→ **Study material**:
- Opening Delimiter -

Lemma mean_outer_Omega :
  \sum_(a : {ffun 'I_k -> 'I_m}) p a *: O a =
  (1 - k%:R^-1) *: outer psi psi + (L / k%:R) *: SP.
Proof.
apply/matrixP => x y.
pose W j := c j / `|c j| * phi j x 0.
pose V j := (c j / `|c j| * phi j y 0)^*.
have O_entry a : O a x y = (L / k%:R) ^+ 2 * \sum_(al < k) \sum_(be < k) W (a al) * V (a be).
  exact: outer_Omega_entry.
have psi_entry z : psi z 0 = \sum_j c j * phi j z 0.
  by rewrite summxE; apply: eq_bigr => j _; rewrite mxE.
have mean_W : \sum_j q j * W j = L^-1 * psi x 0 by rewrite mean_phase psi_entry.
have mean_V : \sum_j q j * V j = L^-1 * (psi y 0)^*.
  rewrite psi_entry -(geC0_conj (x := L^-1)) ?invr_ge0 ?l1norm_ge0 // -rmorphM -mean_phase.
  rewrite rmorph_sum; apply: eq_bigr => j _.
  rewrite rmorphM; congr (_ * _); apply/esym/geC0_conj.
  by rewrite divr_ge0 ?l1norm_ge0.
have mean_WV : \sum_j q j * (W j * V j) =
    L^-1 * \sum_j `|c j| * (phi j x 0 * (phi j y 0)^*).
  rewrite mulr_sumr; apply: eq_bigr => j _; rewrite /q /W /V.
  have [->|cj_neq0] := eqVneq (c j) 0; first by rewrite normr0 !mul0r mulr0.
  rewrite rmorphM /=.
  transitivity (L^-1 * (`|c j| * (phi j x 0 * (phi j y 0)^*)) *
                (c j / `|c j| * (c j / `|c j|)^*)); first by ring.
  by rewrite phase_mul_conj // mulr1.
transitivity ((L / k%:R) ^+ 2 * \sum_(al < k) \sum_(be < k)
    \sum_(a : {ffun 'I_k -> 'I_m}) (\prod_i q (a i)) * (W (a al) * V (a be))).
  rewrite summxE (eq_bigr (fun a => p a * O a x y)) => [|a _]; last by rewrite mxE.
  under eq_bigr do rewrite O_entry mulrCA.
  rewrite -mulr_sumr; congr (_ * _).
  under eq_bigr do rewrite mulr_sumr; rewrite exchange_big.
  by apply: eq_bigr => al _; under eq_bigr do rewrite mulr_sumr; rewrite exchange_big.
under eq_bigr do under eq_bigr do rewrite sum_prod_weights_pair //.
rewrite sum_if_eq card_ord mean_W mean_V mean_WV [RHS]mxE [in RHS]mxE outer_entry.
rewrite [X in _ = _ + X]mxE [X in _ = _ + _ * X]summxE.
under [X in _ = _ + _ * X]eq_bigr do rewrite mxE outer_entry.
by field; rewrite k_neq0.
Qed.

Hypothesis phi_unit : forall j, braket (phi j) (phi j) = 1.
Hypothesis psi_unit : braket psi psi = 1.

Local Notation N := (Omega_norm2 c phi).

Lemma mean_Omega_norm2 :
  \sum_(a : {ffun 'I_k -> 'I_m}) p a * N a = 1 - k%:R^-1 + L ^+ 2 / k%:R.
Proof.
transitivity (\tr (\sum_(a : {ffun 'I_k -> 'I_m}) p a *: O a)).
  by rewrite [RHS]raddf_sum /=; apply: eq_bigr => a _; rewrite mxtraceZ mxtrace_outer_braket.
rewrite mean_outer_Omega mxtraceD !mxtraceZ mxtrace_outer_braket psi_unit.
rewrite [\tr (\sum_j _)]raddf_sum /=.
under eq_bigr do rewrite mxtraceZ mxtrace_outer_braket phi_unit mulr1.
by rewrite -/(l1norm c); field.
Qed.

Lemma rho1_sub_outer :
  rho1 k c phi - outer psi psi =
  \sum_(a : {ffun 'I_k -> 'I_m}) (p a / N a - p a) *: O a +
  ((L / k%:R) *: SP - k%:R^-1 *: outer psi psi).
Proof.
under [X in _ = X + _]eq_bigr do rewrite scalerBl.
rewrite [X in _ = X + _]sumrB mean_outer_Omega scalerBl scale1r.
by rewrite /rho1; apply/matrixP => x y; rewrite !mxE; ring.
Qed.

Lemma mean_abs_dev_Omega_norm2 :
  \sum_(a : {ffun 'I_k -> 'I_m}) p a * `|1 - N a| <=
  sqrtC (var_Omega_norm2 k c phi) + (L ^+ 2 - 1) / k%:R.
Proof.
set var := var_Omega_norm2 k c phi; set b := (L ^+ 2 - 1) / k%:R.
have N_real (a : {ffun 'I_k -> 'I_m}) : N a \is Num.real.
  by rewrite ger0_real // /Omega_norm2 braketE braketmx_ge0.
have var_ge0 : 0 <= var.
  rewrite /var /var_Omega_norm2 subr_ge0.
  exact: (sqr_mean_le sample_prob_ge0 sum_sample_prob N_real).
have b_ge0 : 0 <= b.
  by rewrite divr_ge0 ?ler0n // subr_ge0 exprn_ege1 // (l1norm_ge1 phi_unit psi_unit).
have second_moment : \sum_(a : {ffun 'I_k -> 'I_m}) p a * `|1 - N a| ^+ 2 = var + b ^+ 2.
  transitivity (\sum_(a : {ffun 'I_k -> 'I_m}) (p a * N a ^+ 2 - 2 * (p a * N a) + p a)).
    by apply: eq_bigr => a _; rewrite real_normK ?rpredB ?rpred1 //; ring.
  rewrite big_split sumrB /= -mulr_sumr sum_sample_prob.
  by rewrite /var /var_Omega_norm2 mean_Omega_norm2 /b; field.
have dev_ge0 : 0 <= \sum_(a : {ffun 'I_k -> 'I_m}) p a * `|1 - N a|.
  by apply: sumr_ge0 => a _; rewrite mulr_ge0 ?sample_prob_ge0.
rewrite -(ler_pXn2r (n := 2)) // ?nnegrE ?addr_ge0 ?sqrtC_ge0 //.
apply: le_trans (_ : _ <= var + b ^+ 2) _.
  rewrite -second_moment.
  exact: (sqr_mean_le sample_prob_ge0 sum_sample_prob (fun a => normr_real _)).
by rewrite sqrrD sqrtCK lerD2r lerDl mulrn_wge0 // mulr_ge0 ?sqrtC_ge0.
Qed.

Lemma trace_rho1_sub_outer_le (M : 'M[C]_(qdim n)) :
  (forall u : ket C n, `|\tr (M *m (u *m u^t*))| <= braketmx u u) ->
  `|\tr (M *m (rho1 k c phi - outer psi psi))| <=
  \sum_(a : {ffun 'I_k -> 'I_m}) p a * `|1 - N a| + (L ^+ 2 + 1) / k%:R.
Proof.
move=> M_contr; have trZ_outer (w : C) (u : ket C n) :
    `|\tr (M *m (w *: outer u u))| <= `|w| * braket u u.
  by rewrite -scalemxAr mxtraceZ normrM outerE braketE ler_wpM2l.
rewrite rho1_sub_outer mulmxDr mxtraceD.
apply: le_trans (ler_normD _ _) _; apply: lerD.
  rewrite mulmx_sumr raddf_sum /=; apply: le_trans (ler_norm_sum _ _ _) _.
  apply: ler_sum => a _; apply: le_trans (trZ_outer _ _) _; rewrite -[braket _ _]/(N a).
  have N_ge0 : 0 <= N a by rewrite /Omega_norm2 braketE braketmx_ge0.
  have p_ge0 := sample_prob_ge0 a.
  have [->|N_neq0] := eqVneq (N a) 0; first by rewrite mulr0 mulr_ge0.
  rewrite -{2}(ger0_norm N_ge0) -normrM mulrBl divfK // -{1}[p a]mulr1 -mulrBr.
  by rewrite normrM ger0_norm.
rewrite mulmxBr raddfB /=; apply: le_trans (ler_normB _ _) _.
have -> : (L ^+ 2 + 1) / k%:R = L / k%:R * \sum_j `|c j| + `|k%:R^-1| * 1.
  by rewrite ger0_norm ?invr_ge0 ?ler0n // -/(l1norm c); field.
apply: lerD; last by rewrite -psi_unit trZ_outer.
rewrite -scalemxAr mxtraceZ normrM ger0_norm ?divr_ge0 ?ler0n ?l1norm_ge0 //.
rewrite ler_wpM2l ?divr_ge0 ?ler0n ?l1norm_ge0 //.
rewrite mulmx_sumr raddf_sum /=; apply: le_trans (ler_norm_sum _ _ _) _.
apply: ler_sum => j _; apply: le_trans (trZ_outer _ _) _.
by rewrite phi_unit normr_id mulr1.
Qed.

End Sparsification.

Unset Implicit Arguments.

Theorem lemma6 (C : numClosedFieldType) (n m k : nat)
  (c : 'I_m -> C) (phi : 'I_m -> ket C n) :
  (0 < k)%N ->
  (forall j, stabilizer_state (phi j)) ->
  braket (\sum_(j < m) c j *: phi j) (\sum_(j < m) c j *: phi j) = 1 ->
  (forall a : {ffun 'I_k -> 'I_m}, 0 < sample_prob c a ->
     stabilizer_rank_le (sampled_state c phi a) k) /\
  trace_norm (rho1 k c phi - outer (\sum_(j < m) c j *: phi j) (\sum_(j < m) c j *: phi j))
    <= 2 * l1norm c ^+ 2 / k%:R + sqrtC (var_Omega_norm2 k c phi).
Proof.
move=> k_gt0 phi_stab psi_unit; split=> [a _|]; first exact: sampled_state_rank.
have phi_unit j : braket (phi j) (phi j) = 1 := (phi_stab j).1.
have L_neq0 : l1norm c != 0.
  by rewrite gt_eqF // (lt_le_trans ltr01 (l1norm_ge1 phi_unit psi_unit)).
set X := rho1 k c phi - _.
have [M [tnE M_contr]] := trace_norm_dual X.
rewrite -(ger0_norm (trace_norm_ge0 X)) tnE.
apply: le_trans (trace_rho1_sub_outer_le k_gt0 L_neq0 phi_unit psi_unit M_contr) _.
apply: le_trans (lerD (mean_abs_dev_Omega_norm2 k_gt0 L_neq0 phi_unit psi_unit) (lexx _)) _.
have kn0 : (k%:R : C) != 0 by rewrite pnatr_eq0 -lt0n.
by rewrite le_eqVlt; apply/orP; left; apply/eqP; field.
Qed.
(* With R := alpha - a + delta, the Lyapunov function
     E = a (F(x) - F_* ) + delta/2 |x'|^2 + <grad F(x), x'>
   satisfies E' + R E <= 0: the value of R cancels the terms in <grad F(x), x'>,
   the hypothesis L - alpha delta + delta R / 2 <= 0 absorbs the |x'|^2 terms
   (the Lipschitz bound on grad F controls the derivative of <grad F(x), x'>),
   and (PL) with a R <= 2 mu absorbs a R (F(x) - F_* ) into |grad F(x)|^2.
   Hence e^(R t) E(t) <= E(0) = a (F(x0) - F_* ).  As (F(x))' = <grad F(x), x'>
   <= E - a (F(x) - F_* ), the product e^(a t) (F(x(t)) - F_* ) grows at most
   like a (F(x0) - F_* ) times a primitive of e^((a - R) s), which yields C(t).
   Since grad F is merely Lipschitz, <grad F(x), x'> need not be differentiable,
   so both comparison steps bound upper right Dini derivatives instead. *)

Section InnerProduct.
Variables (R : realType) (H : normedModType R) (inner : H -> H -> R).
Hypothesis ip : is_inner_product inner.

Lemma innerC x y : inner x y = inner y x. Proof. by case: ip. Qed.

Lemma innerDZl a x y z : inner (a *: x + y) z = a * inner x z + inner y z.
Proof. by case: ip. Qed.

Lemma inner_self x : inner x x = `|x| ^+ 2. Proof. by case: ip. Qed.

Lemma inner0l z : inner 0 z = 0.
Proof. by have := innerDZl 1 0 0 z; rewrite scale1r addr0 mul1r; lra. Qed.

Lemma innerDl x y z : inner (x + y) z = inner x z + inner y z.
Proof. by rewrite -[x in LHS]scale1r innerDZl mul1r. Qed.

Lemma innerZl a x z : inner (a *: x) z = a * inner x z.
Proof. by rewrite -[_ *: _]addr0 innerDZl inner0l addr0. Qed.

Lemma innerBl x y z : inner (x - y) z = inner x z - inner y z.
Proof. by rewrite innerDl -scaleN1r innerZl mulN1r. Qed.
(** * The polygons J *)

Definition pswap (u : point) : point := (u.2, u.1).
Definition psub (x y : point) : point := (x.1 - y.1, x.2 - y.2).
Definition dot (phi u : point) : int := phi.1 * u.1 + phi.2 * u.2.

Lemma pswapK : involutive pswap. Proof. by case. Qed.

Lemma inJ_swap q p u : inJ (p, q) (pswap u) = inJ (q, p) u.
Proof. by rewrite /inJ /=; lia. Qed.

Lemma extremal_swap q p c : extremal (p, q) (pswap c) = extremal (q, p) c.
Proof.
rewrite /extremal /= inJ_swap !xpair_eqE [(p == 0%N) && _]andbC [(p == 1%N) && _]andbC orbC.
(* The vertex list of (p, q) is the swap of a rotation of that of (q, p). *)
by case: ifP => // _; rewrite -[RHS](mem_rot 2) -(mem_map (can_inj pswapK)).
Qed.

(* [P0], [Plast], [Q0], [Qlast] name the vertices P_0, P_(p-1), Q_0, Q_(q-1). *)
Lemma extremal_P0 (a b : nat) : (0 < b)%N -> extremal (a, b) (a%:Z, - b%:Z).
Proof. by rewrite /extremal /inJ /= !inE !xpair_eqE; case: ifP; lia. Qed.

Lemma extremal_Plast (a b : nat) : extremal (a, b) (a%:Z + 2 * (b%:Z - 1), - b%:Z).
Proof. by rewrite /extremal /inJ /= !inE !xpair_eqE; case: ifP; lia. Qed.

Lemma extremal_Q0 (a b : nat) : (0 < a)%N -> extremal (a, b) (- a%:Z, b%:Z).
Proof. by move=> a_gt0; rewrite -extremal_swap extremal_P0. Qed.

Lemma extremal_Qlast (a b : nat) : extremal (a, b) (- a%:Z, b%:Z + 2 * (a%:Z - 1)).
Proof. by rewrite -extremal_swap extremal_Plast. Qed.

- Closing Delimiter -

→ **Aim of the task**:
From the entries, copy out each line containing the word "bound".

→ **Output below**:
   (the Lipschitz bound on grad F controls the derivative of <grad F(x), x'>),
   so both comparison steps bound upper right Dini derivatives instead. *)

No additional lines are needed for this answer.